Today I want to discuss one piece of advice from Elliot that echoes and affirms what I have often told others trying to get started in this business.  In a nutshell, it is simply that you need to make your own way.  Putting it another way, you need to create your own opportunities.

Part of this relates to those audio engineering and production schools that claim to be able to find employment for a high percentage of their students.  Frankly, there simply aren’t that many industry jobs available for the number of students being pumped out of these institutions, and the percentages they claim are highly questionable, at best.  I would be willing to bet that there are almost no jobs available any more in a traditional music recording studio.

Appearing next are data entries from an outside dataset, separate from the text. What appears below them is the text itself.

(* Let $X$, $H$, $v=(r,H,s)$ (primitive), $Y$, $a,b,c,d$, $\widetilde H=H/d$ be as in the context, let $\gamma=\gamma(\widetilde H)$ in $N(X)$, and assume $\gcd(c,d\gamma)=1$. Then: (1) $N(X)=[\widetilde H,\ K(\widetilde H),\ \gamma\widetilde H^*+u^*(\widetilde H)]$, where $\widetilde H^*=\widetilde H/\widetilde H^2=d^2\widetilde H/(2abc^2)$, and $u^*(\widetilde H)+K(\widetilde H)$ has order $2abc^2/(d^2\gamma)$ in $K(\widetilde H)^*/K(\widetilde H)$. (2) Let $h\in N(Y)$ be the class of $(-a,0,b)$ mod $\mathbb Zv$. Then $h^2=2ab$, $h$ is divisible by $d$ in $N(Y)$, $\widetilde h=h/d$ is primitive in $N(Y)$, $\gamma(\widetilde h)=\gamma$ (computed in $N(Y)$), and $N(Y)=[\widetilde h,\ K(h),\ \gamma\widetilde h^*+u^*(\widetilde h)]$, where $K(h)=h^\perp\subset N(Y)$, $\widetilde h^*=d^2\widetilde h/(2ab)$, and $u^*(\widetilde h)+K(h)$ has order $2ab/(d^2\gamma)$ in $K(h)^*/K(h)$. (3) Under the map $K(\widetilde H)\to N(Y)$, $k\mapsto (0,k,0)\bmod\mathbb Zv$, $K(\widetilde H)$ is identified with a sublattice of $K(h)$ (so that $K(h)\otimes\mathbb Q=K(\widetilde H)\otimes\mathbb Q$), and $$K(h)=\Big[K(\widetilde H),\ \tfrac{2ab}{d^2\gamma}\,c\,u^*(\widetilde H)\Big],\qquad u^*(\widetilde h)+K(h)=m(a,b)\,c\,u^*(\widetilde H)+K(h),$$ where $m(a,b)$ is an integer with $m(a,b)\equiv-1\pmod{2a}$, $m(a,b)\equiv1\pmod{2b}$ (only its class mod $2ab/(d^2\gamma)$ matters).
   Context: $X$ is a smooth complex projective K3 surface with Picard lattice $N(X)\subset H^2(X,\mathbb Z)$. $H\in N(X)$ is a polarization with $H^2=2rs$, $r,s\in\mathbb N$; $d\in\mathbb N$ with $\widetilde H=H/d$ primitive. On $H^*(X,\mathbb Z)\cong\mathbb Z\oplus H^2(X,\mathbb Z)\oplus\mathbb Z$ use the Mukai pairing $((u_0,u_1,u_2),(v_0,v_1,v_2))=-(u_0v_2+u_2v_0)+u_1\cdot v_1$; $v=(r,H,s)$ is isotropic and primitive. $Y$ is the moduli space of $H$-semistable coherent sheaves with Mukai vector $v$ (minimal resolution if singular), a K3 surface; by Mukai, $H^2(Y,\mathbb Z)\cong v^\perp/\mathbb Zv$ as Hodge structures, and $N(Y)=v^\perp_{\mathbb Z\oplus N(X)\oplus\mathbb Z}/\mathbb Zv$. $c=\gcd(r,s)$, $a=r/c$, $b=s/c$. For an even lattice $S$ and primitive $P\in S$ with $P^2=2m\neq0$: $\gamma(P)>0$ with $P\cdot S=\gamma(P)\mathbb Z$; $K(P)=P^\perp\subset S$; $P^*=P/(2m)$; $u^*(P)\in K(P)^*$ is an element with $\gamma(P)P^*+u^*(P)\in S$ (canonical mod $K(P)$). $[x_1,\dots,x_k]$ denotes the subgroup generated by the listed elements/sublattices inside the ambient rational space. *)

From HB Require Import structures.
From mathcomp Require Import all_boot all_order all_algebra.
Set Implicit Arguments. Unset Strict Implicit. Unset Printing Implicit Defensive.
Import Order.TTheory GRing.Theory Num.Theory.
Local Open Scope ring_scope.
(* Let $k\ge2$. Consider the system of linear equations in the $k^2$ unknowns $(x_{ij})_{i,j=1}^k$: $\sum_{j=1}^k x_{ij}=p_i$ ($i=1,\dots,k$); $\sum_{i=1}^k x_{ij}=q_j$ ($j=1,\dots,k$); $x_{ii}=\min(p_i,q_i)$ ($i=1,\dots,k$); $x_{ii}+x_{ij}+x_{ji}+x_{jj}=\min(p_i+p_j,q_i+q_j)$ ($1\le i<j\le k$). The coefficient matrix of this system of $3k+\binom{k}{2}$ equations has rank $2k-1+\binom{k}{2}$.
   Context: $p=(p_1,\dots,p_k)$ and $q=(q_1,\dots,q_k)$ are probability vectors (nonnegative entries summing to 1); only the coefficient matrix (a 0/1 matrix) matters for the rank. *)

From HB Require Import structures.
From mathcomp Require Import all_boot all_order all_algebra.
Set Implicit Arguments. Unset Strict Implicit. Unset Printing Implicit Defensive.
Import GRing.Theory Num.Theory.
Local Open Scope ring_scope.

(* Unknowns x_{ij} (i,j : 'I_k) are the coordinates of a row vector of
   length k*k, via mxvec: (mxvec A) (mxvec_index i j) = A i j.
   Each equation is a row given by the k x k matrix of coefficients of the x_{ij}. *)

Definition rowsum_eq (R : nzRingType) (k : nat) (i : 'I_k) : 'rV[R]_(k * k) :=
  mxvec (\matrix_(a < k, b < k) ((a == i)%:R : R)).
Definition colsum_eq (R : nzRingType) (k : nat) (j : 'I_k) : 'rV[R]_(k * k) :=
  mxvec (\matrix_(a < k, b < k) ((b == j)%:R : R)).
Definition diag_eq (R : nzRingType) (k : nat) (i : 'I_k) : 'rV[R]_(k * k) :=
  mxvec (\matrix_(a < k, b < k) (((a == i) && (b == i))%:R : R)).
(* x_{ii} + x_{ij} + x_{ji} + x_{jj} = min(p_i+p_j, q_i+q_j), for i < j (0-based) *)
Definition pair_eq (R : nzRingType) (k : nat) (ij : nat * nat) : 'rV[R]_(k * k) :=
  mxvec (\matrix_(a < k, b < k)
    (((((a : nat) == ij.1) || ((a : nat) == ij.2)) &&
      (((b : nat) == ij.1) || ((b : nat) == ij.2)))%:R : R)).

Definition pairs (k : nat) : seq (nat * nat) :=
  [seq (i, j) | i <- iota 0 k, j <- [seq j <- iota 0 k | (i < j)%N]].

Definition coef_mx (R : nzRingType) (k : nat)
  : 'M[R]_(k + (k + (k + size (pairs k))), k * k) :=
  col_mx (\matrix_(i < k) rowsum_eq R i)
    (col_mx (\matrix_(j < k) colsum_eq R j)
      (col_mx (\matrix_(i < k) diag_eq R i)
        (\matrix_(r < size (pairs k)) pair_eq R k (nth (0%N, 0%N) (pairs k) r)))).

From Pilot Require Import Defs.
From HB Require Import structures.
From mathcomp Require Import all_boot all_order all_algebra.
From mathcomp Require Import zify ring.
Import GRing.Theory Num.Theory.

(* Over any field, the row space of the system is spanned by the k rows
   E_ii, the 'C(k, 2) symmetric rows E_ij + E_ji (i < j), and the row-sum
   rows of all but the last row: a pair row is E_ii + E_jj + (E_ij + E_ji),
   row sum j plus column sum j is 2 E_jj + sum_(i != j) (E_ij + E_ji), and
   the last row sum is the all-ones row (the sum of all E_ii and E_ij + E_ji)
   minus the other row sums.  These 2k - 1 + 'C(k, 2) rows are independent:
   reading a vanishing combination at the entries (k, c) and (c, k), then at
   (i, j) with i < j, and finally at (i, i), kills its coefficients in turn. *)

Lemma mem_pairs k p : (p \in pairs k) = (p.1 < p.2 < k)%N.
Proof.
case: p => i j /=; apply/allpairsPdep/idP => [[x [y [_]]]|/andP[ij jk]].
  by rewrite mem_filter mem_iota => /andP[xy /andP[_ yk]] [-> ->]; rewrite xy.
by exists i, j; rewrite mem_iota mem_filter mem_iota ij jk (ltn_trans ij jk).
Qed.

Lemma uniq_pairs k : uniq (pairs k).
Proof.
apply: allpairs_uniq_dep => [|x _|[x y] [x' y'] _ _ /= [-> ->]] //.
  exact: iota_uniq.
exact/filter_uniq/iota_uniq.
Qed.

Lemma count_ltn_iota i k : count (fun j => i < j) (iota 0 k) = (k - i.+1)%N.
Proof.
elim: k => [|k IHk] //.
by rewrite -[k.+1]addn1 iotaD count_cat IHk /= add0n addn0; case: ltnP => /= ?; lia.
Qed.

Lemma size_pairs k : size (pairs k) = 'C(k, 2).
Proof.
rewrite size_allpairs_dep sumnE big_map -bin2_sum big_nat_rev /index_iota subn0.
by apply: eq_bigr => i _; rewrite size_filter count_ltn_iota add0n.
Qed.

Local Open Scope ring_scope.

Lemma natr_andb (R : nzSemiRingType) (x y : bool) : ((x && y)%:R : R) = x%:R * y%:R.
Proof. by case: x; rewrite ?mul1r ?mul0r. Qed.

Lemma natr_orb (R : nzSemiRingType) (x y : bool) :
  ~~ (x && y) -> ((x || y)%:R : R) = x%:R + y%:R.
Proof. by case: x; case: y; rewrite ?addr0 ?add0r. Qed.

Lemma sum_mulr_delta (R : nzSemiRingType) (I : finType) (F : I -> R) (i0 : I) :
  \sum_i F i * (i0 == i)%:R = F i0.
Proof.
rewrite (bigD1 i0) //= eqxx mulr1 big1 ?addr0 // => i ne_i.
by rewrite eq_sym (negbTE ne_i) mulr0.
Qed.

Lemma submx_col_mxl {F : fieldType} {m1 m2 N} (A : 'M[F]_(m1, N)) (B : 'M_(m2, N)) :
  (A <= col_mx A B)%MS.
Proof. by rewrite -addsmxE addsmxSl. Qed.

Lemma submx_col_mxr {F : fieldType} {m1 m2 N} (A : 'M[F]_(m1, N)) (B : 'M_(m2, N)) :
  (B <= col_mx A B)%MS.
Proof. by rewrite -addsmxE addsmxSr. Qed.

Lemma mxvec_rowP (T : Type) m n (u v : 'rV[T]_(m * n)) :
  (forall i j, u 0 (mxvec_index i j) = v 0 (mxvec_index i j)) -> u = v.
Proof. by move=> uv; apply/rowP => ij; case/mxvec_indexP: ij. Qed.

Section CoefficientRowSpace.

Variables (R : fieldType) (n : nat).
Local Notation k := n.+1.
Local Notation P := (size (pairs k)).
Local Notation pair_at r := (nth (0%N, 0%N) (pairs k) r).
Local Notation widen c := (widen_ord (leqnSn n) c).

Lemma pair_atP (r : 'I_P) : ((pair_at r).1 < (pair_at r).2 < k)%N.
Proof. by rewrite -mem_pairs mem_nth. Qed.

Lemma pair_at_inj : injective (fun r : 'I_P => pair_at r).
Proof.
move=> r r' e; apply: val_inj; apply/eqP.
by rewrite -(nth_uniq (0%N, 0%N) _ _ (uniq_pairs k)) ?ltn_ord // e.
Qed.

Lemma pair_at_surj {a b : 'I_k} :
  (a < b)%N -> exists r : 'I_P, pair_at r = (a : nat, b : nat).
Proof.
move=> ab; have ab_in : (a : nat, b : nat) \in pairs k by rewrite mem_pairs /= ab ltn_ord.
by exists (Ordinal (etrans (index_mem _ _) ab_in)); rewrite nth_index.
Qed.

Definition sym_mx (p : nat * nat) : 'M[R]_k :=
  \matrix_(a, b) ((((a : nat), (b : nat)) == p) || (((b : nat), (a : nat)) == p))%:R.

Definition sym_eq (p : nat * nat) : 'rV[R]_(k * k) := mxvec (sym_mx p).

Lemma sym_mxC p a b : sym_mx p a b = sym_mx p b a.
Proof. by rewrite !mxE orbC. Qed.

Lemma sym_mx_pair_at {r0 : 'I_P} {a b : 'I_k} (r : 'I_P) :
  pair_at r0 = (a : nat, b : nat) -> sym_mx (pair_at r) a b = (r0 == r)%:R.
Proof.
move=> r0_ab; have /andP[ab _] := pair_atP r0; rewrite r0_ab /= in ab.
rewrite mxE; have -> : ((b : nat, a : nat) == pair_at r) = false.
  apply: contraTF ab => /eqP ba; have /andP[+ _] := pair_atP r.
  by rewrite -ba /= => lt_ba; rewrite ltnNge ltnW.
by rewrite orbF -r0_ab (inj_eq pair_at_inj).
Qed.

Lemma sym_mx_pair_at_diag (r : 'I_P) (a : 'I_k) : sym_mx (pair_at r) a a = 0.
Proof.
rewrite mxE orbb; case: eqP => // aa; have := pair_atP r.
by rewrite -aa ltnn.
Qed.

Lemma sum_sym_mx_pair_at {r0 : 'I_P} {a b : 'I_k} (F : 'I_P -> R) :
  pair_at r0 = (a : nat, b : nat) -> \sum_r F r * sym_mx (pair_at r) a b = F r0.
Proof.
move=> r0_ab; under eq_bigr => r _ do rewrite (sym_mx_pair_at r r0_ab).
exact: sum_mulr_delta.
Qed.

Lemma sum_sym_mx_neq {a b : 'I_k} : a != b ->
  exists r0 : 'I_P, pair_at r0 = (minn a b, maxn a b)
    /\ forall F : 'I_P -> R, \sum_r F r * sym_mx (pair_at r) a b = F r0.
Proof.
move=> ne_ab; case: ltngtP => [ab|ba|/val_inj eq_ab].
- have [r0 r0_ab] := pair_at_surj ab.
  by exists r0; split=> // F; rewrite (sum_sym_mx_pair_at _ r0_ab).
- have [r0 r0_ba] := pair_at_surj ba; exists r0; split=> // F.
  under eq_bigr do rewrite sym_mxC.
  exact: sum_sym_mx_pair_at.
- by rewrite eq_ab eqxx in ne_ab.
Qed.

Definition coef_basis : 'M[R]_(k + (P + n), k * k) :=
  col_mx (\matrix_(i < k) diag_eq R i)
    (col_mx (\matrix_(r < P) sym_eq (pair_at r)) (\matrix_(c < n) rowsum_eq R (widen c))).

Lemma coef_basis_comb_entry (x1 : 'rV[R]_k) (x2 : 'rV[R]_P) (x3 : 'rV[R]_n) (a b : 'I_k) :
  (row_mx x1 (row_mx x2 x3) *m coef_basis) 0 (mxvec_index a b) =
  x1 0 b * (a == b)%:R + \sum_r x2 0 r * sym_mx (pair_at r) a b
    + \sum_c x3 0 c * (a == widen c)%:R.
Proof.
rewrite !mul_row_col !mxE addrA; congr (_ + _ + _).
- under eq_bigr => i _ do rewrite !mxE mxvecE mxE natr_andb mulrA.
  exact: sum_mulr_delta.
- by apply: eq_bigr => r _; rewrite mxE mxvecE.
- by apply: eq_bigr => c _; rewrite !mxE mxvecE mxE.
Qed.

Lemma widen_eq_max (c : 'I_n) : (widen c == ord_max) = false.
Proof. by rewrite -val_eqE /= ltn_eqF. Qed.

Lemma sum_mulr_widen_max (F : 'I_n -> R) : \sum_c F c * (ord_max == widen c)%:R = 0.
Proof. by apply: big1 => c _; rewrite eq_sym widen_eq_max mulr0. Qed.

Lemma sum_mulr_widen (F : 'I_n -> R) c0 : \sum_c F c * (widen c0 == widen c)%:R = F c0.
Proof. exact: sum_mulr_delta. Qed.

Lemma row_free_coef_basis : row_free coef_basis.
Proof.
apply: inj_row_free => x; rewrite -[x]hsubmxK -[rsubmx x]hsubmxK.
move: (lsubmx x) (lsubmx (rsubmx x)) (rsubmx (rsubmx x)) => x1 x2 x3 x0.
have E (a b : 'I_k) : x1 0 b * (a == b)%:R + \sum_r x2 0 r * sym_mx (pair_at r) a b
    + \sum_c x3 0 c * (a == widen c)%:R = 0.
  by rewrite -coef_basis_comb_entry x0 mxE.
have x3_0 : x3 = 0.
  apply/rowP => c; have [r0 r0_c] := @pair_at_surj (widen c) ord_max (ltn_ord c).
  have := E ord_max (widen c).
  rewrite eq_sym widen_eq_max mulr0 add0r sum_mulr_widen_max addr0.
  under eq_bigr => r _ do rewrite sym_mxC.
  rewrite (sum_sym_mx_pair_at _ r0_c) => x2_0.
  have := E (widen c) ord_max; rewrite widen_eq_max mulr0 add0r.
  by rewrite (sum_sym_mx_pair_at _ r0_c) x2_0 add0r sum_mulr_widen mxE.
have x2_0 : x2 = 0.
  apply/rowP => r; have /andP[lt12 lt2k] := pair_atP r.
  have lt1k := ltn_trans lt12 lt2k.
  have r_ab : pair_at r = ((@inord n (pair_at r).1 : nat), (@inord n (pair_at r).2 : nat)).
    by rewrite !inordK // -surjective_pairing.
  have := E (inord (pair_at r).1) (inord (pair_at r).2).
  rewrite (sum_sym_mx_pair_at _ r_ab) -val_eqE /= !inordK // ltn_eqF // mulr0 add0r.
  by rewrite big1 ?addr0 ?mxE // => c _; rewrite x3_0 mxE mul0r.
have x1_0 : x1 = 0.
  apply/rowP => i; have := E i i; rewrite eqxx mulr1 big1 => [|r _]; last first.
    by rewrite sym_mx_pair_at_diag mulr0.
  by rewrite big1 ?addr0 ?mxE // => c _; rewrite x3_0 mxE mul0r.
by rewrite x1_0 x2_0 x3_0 !row_mx0.
Qed.


Lemma sum_rowsum_eq :
  \sum_i rowsum_eq R i = row_mx (const_mx 1) (row_mx (const_mx 1) 0) *m coef_basis.
Proof.
apply: mxvec_rowP => a b; rewrite coef_basis_comb_entry summxE.
under eq_bigr do rewrite /rowsum_eq mxvecE mxE.
rewrite [X in _ = _ + X]big1 ?addr0 => [|c _]; last by rewrite mxE mul0r.
have -> : \sum_i (a == i)%:R = 1 :> R.
  by rewrite (bigD1 a) //= eqxx big1 ?addr0 // => i; rewrite eq_sym => /negbTE->.
have [<-|ne_ab] := eqVneq a b.
  by rewrite mxE mulr1 big1 ?addr0 // => r _; rewrite sym_mx_pair_at_diag mulr0.
have [r0 [_ ->]] := sum_sym_mx_neq ne_ab.
by rewrite mulr0 add0r mxE.
Qed.

Lemma colsum_add_rowsum_eq (j : 'I_k) :
  colsum_eq R j + rowsum_eq R j =
  row_mx (\row_i ((i == j)%:R *+ 2))
    (row_mx (\row_r (((pair_at r).1 == j) || ((pair_at r).2 == j))%:R) 0) *m coef_basis.
Proof.
apply: mxvec_rowP => a b.
rewrite coef_basis_comb_entry mxE /colsum_eq /rowsum_eq !mxvecE !mxE.
rewrite [X in _ = _ + X]big1 ?addr0 => [|c _]; last by rewrite mxE mul0r.
have [<-|ne_ab] := eqVneq a b.
  rewrite mulr1 big1 ?addr0 => [|r _]; last by rewrite sym_mx_pair_at_diag mulr0.
  by rewrite mulr2n.
have [r0 [r0_ab ->]] := sum_sym_mx_neq ne_ab.
rewrite mulr0 add0r mxE r0_ab /=.
have -> : (minn a b == j) || (maxn a b == j) = (a == j :> nat) || (b == j :> nat).
  by rewrite /minn /maxn; case: ltnP => // _; rewrite orbC.
rewrite natr_orb; first exact: addrC.
by apply: contraNN ne_ab => /andP[/eqP a_j /eqP b_j]; rewrite -val_eqE /= a_j b_j.
Qed.

Lemma pair_eq_split (p : nat * nat) : (p.1 < p.2 < k)%N ->
  Defs.pair_eq R k p = diag_eq R (inord p.1) + diag_eq R (inord p.2) + sym_eq p.
Proof.
case: p => p1 p2 /= /andP[lt12 lt2k]; have lt1k := ltn_trans lt12 lt2k.
have ne12 x : ~~ ((x == p1) && (x == p2)).
  by apply/andP => -[/eqP-> /eqP eq12]; rewrite eq12 ltnn in lt12.
rewrite -!linearD; congr mxvec; apply/matrixP => a b.
rewrite !mxE -!val_eqE /= !inordK // !xpair_eqE natr_andb !natr_orb ?ne12 //.
  by rewrite !natr_andb; ring.
by apply: contraNN (ne12 a) => /and3P[/andP[-> _] _ ->].
Qed.

Lemma diag_eq_sub_coef_basis (i : 'I_k) : (diag_eq R i <= coef_basis)%MS.
Proof.
rewrite /coef_basis; apply: submx_trans _ (submx_col_mxl _ _).
by apply: (eq_row_sub i); rewrite rowK.
Qed.

Lemma sym_eq_sub_coef_basis (r : 'I_P) : (sym_eq (pair_at r) <= coef_basis)%MS.
Proof.
rewrite /coef_basis; apply: submx_trans _ (submx_col_mxr _ _).
apply: submx_trans _ (submx_col_mxl _ _).
by apply: (eq_row_sub r); rewrite rowK.
Qed.

Lemma rowsum_widen_sub_coef_basis (c : 'I_n) : (rowsum_eq R (widen c) <= coef_basis)%MS.
Proof.
rewrite /coef_basis; apply: submx_trans _ (submx_col_mxr _ _).
apply: submx_trans _ (submx_col_mxr _ _).
by apply: (eq_row_sub c); rewrite rowK.
Qed.

Lemma rowsum_eq_sub_coef_basis (i : 'I_k) : (rowsum_eq R i <= coef_basis)%MS.
Proof.
case: (ltnP i n) => [lt_in|le_ni].
  by rewrite (_ : i = widen (Ordinal lt_in)) ?rowsum_widen_sub_coef_basis //; apply: val_inj.
have -> : i = ord_max by apply/val_inj/eqP; rewrite eqn_leq le_ni -ltnS ltn_ord.
have -> : rowsum_eq R ord_max = \sum_i rowsum_eq R i - \sum_c rowsum_eq R (widen c).
  by rewrite big_ord_recr /= addrC addrK.
apply: addmx_sub; first by rewrite sum_rowsum_eq submxMl.
by rewrite eqmx_opp; apply: summx_sub => c _; apply: rowsum_widen_sub_coef_basis.
Qed.

Lemma colsum_eq_sub_coef_basis (j : 'I_k) : (colsum_eq R j <= coef_basis)%MS.
Proof.
rewrite -(addrK (rowsum_eq R j) (colsum_eq R j)) colsum_add_rowsum_eq.
by rewrite addmx_sub ?eqmx_opp ?submxMl ?rowsum_eq_sub_coef_basis.
Qed.

Lemma coef_mx_sub_coef_basis : (coef_mx R k <= coef_basis)%MS.
Proof.
rewrite !col_mx_sub; apply/and4P; split; apply/row_subP => i; rewrite rowK.
- exact: rowsum_eq_sub_coef_basis.
- exact: colsum_eq_sub_coef_basis.
- exact: diag_eq_sub_coef_basis.
have /pair_eq_split-> := pair_atP i.
by rewrite !addmx_sub ?diag_eq_sub_coef_basis ?sym_eq_sub_coef_basis.
Qed.

Lemma coef_basis_sub_coef_mx : (coef_basis <= coef_mx R k)%MS.
Proof.
have rowsum_sub (i : 'I_k) : (rowsum_eq R i <= coef_mx R k)%MS.
  by apply: submx_trans _ (submx_col_mxl _ _); apply: (eq_row_sub i); rewrite rowK.
have diag_sub (i : 'I_k) : (diag_eq R i <= coef_mx R k)%MS.
  apply: submx_trans _ (submx_col_mxr _ _); apply: submx_trans _ (submx_col_mxr _ _).
  by apply: submx_trans _ (submx_col_mxl _ _); apply: (eq_row_sub i); rewrite rowK.
have pair_sub (r : 'I_P) : (Defs.pair_eq R k (pair_at r) <= coef_mx R k)%MS.
  apply: submx_trans _ (submx_col_mxr _ _); apply: submx_trans _ (submx_col_mxr _ _).
  by apply: submx_trans _ (submx_col_mxr _ _); apply: (eq_row_sub r); rewrite rowK.
rewrite /coef_basis !col_mx_sub; apply/and3P; split; apply/row_subP => i; rewrite rowK //.
rewrite -(canLR (addKr _) (pair_eq_split _ (pair_atP i))).
by rewrite addmx_sub ?eqmx_opp ?addmx_sub ?pair_sub ?diag_sub.
Qed.

Lemma rank_coef_mx : \rank (coef_mx R k) = (k + (P + n))%N.
Proof.
rewrite (eqmx_rank (_ : coef_mx R k == coef_basis)%MS); last first.
  by apply/andP; split; [exact: coef_mx_sub_coef_basis | exact: coef_basis_sub_coef_mx].
exact/eqP/row_free_coef_basis.
Qed.

End CoefficientRowSpace.

Theorem theoremS1 (R : numFieldType) (k : nat) (hk : (2 <= k)%N) :
  size (pairs k) = 'C(k, 2) /\
  \rank (coef_mx R k) = (2 * k - 1 + 'C(k, 2))%N.
Proof.
split; first exact: size_pairs.
case: k hk => [//|n] _; rewrite rank_coef_mx size_pairs; lia.
Qed.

As I’ve been saying for years, many studios are struggling and shutting down, or downsizing in a big way.  There simply are no jobs available in those types of studios any more, even for recording engineers with many years of professional experience and major label credits.

Elliot strongly suggested that young people trying to get into this business stop thinking of landing a job at a big studio as the end goal, and instead figure out their own way into the business.

From my own personal experience, and from what Elliot shared, working on staff at a major studio isn’t the dream job that many think it is, especially if being able to support a family is important to you.  Elliot shared his own experience that after several years working at a major studio, he realized that the only way he was going to make more money was to go independent.  I also realized that same thing very early on in my own career.  It didn’t take long to figure out that as a staff recording engineer at a major studio in the Seattle area, about the most I was going to be able to make was around $25,000 per year (mid 1990s dollars).  While I was able to somehow get by on that small amount when I was young and single, it wasn’t anywhere close to what I was making previously in the “real world”, and certainly wouldn’t be enough to support a family.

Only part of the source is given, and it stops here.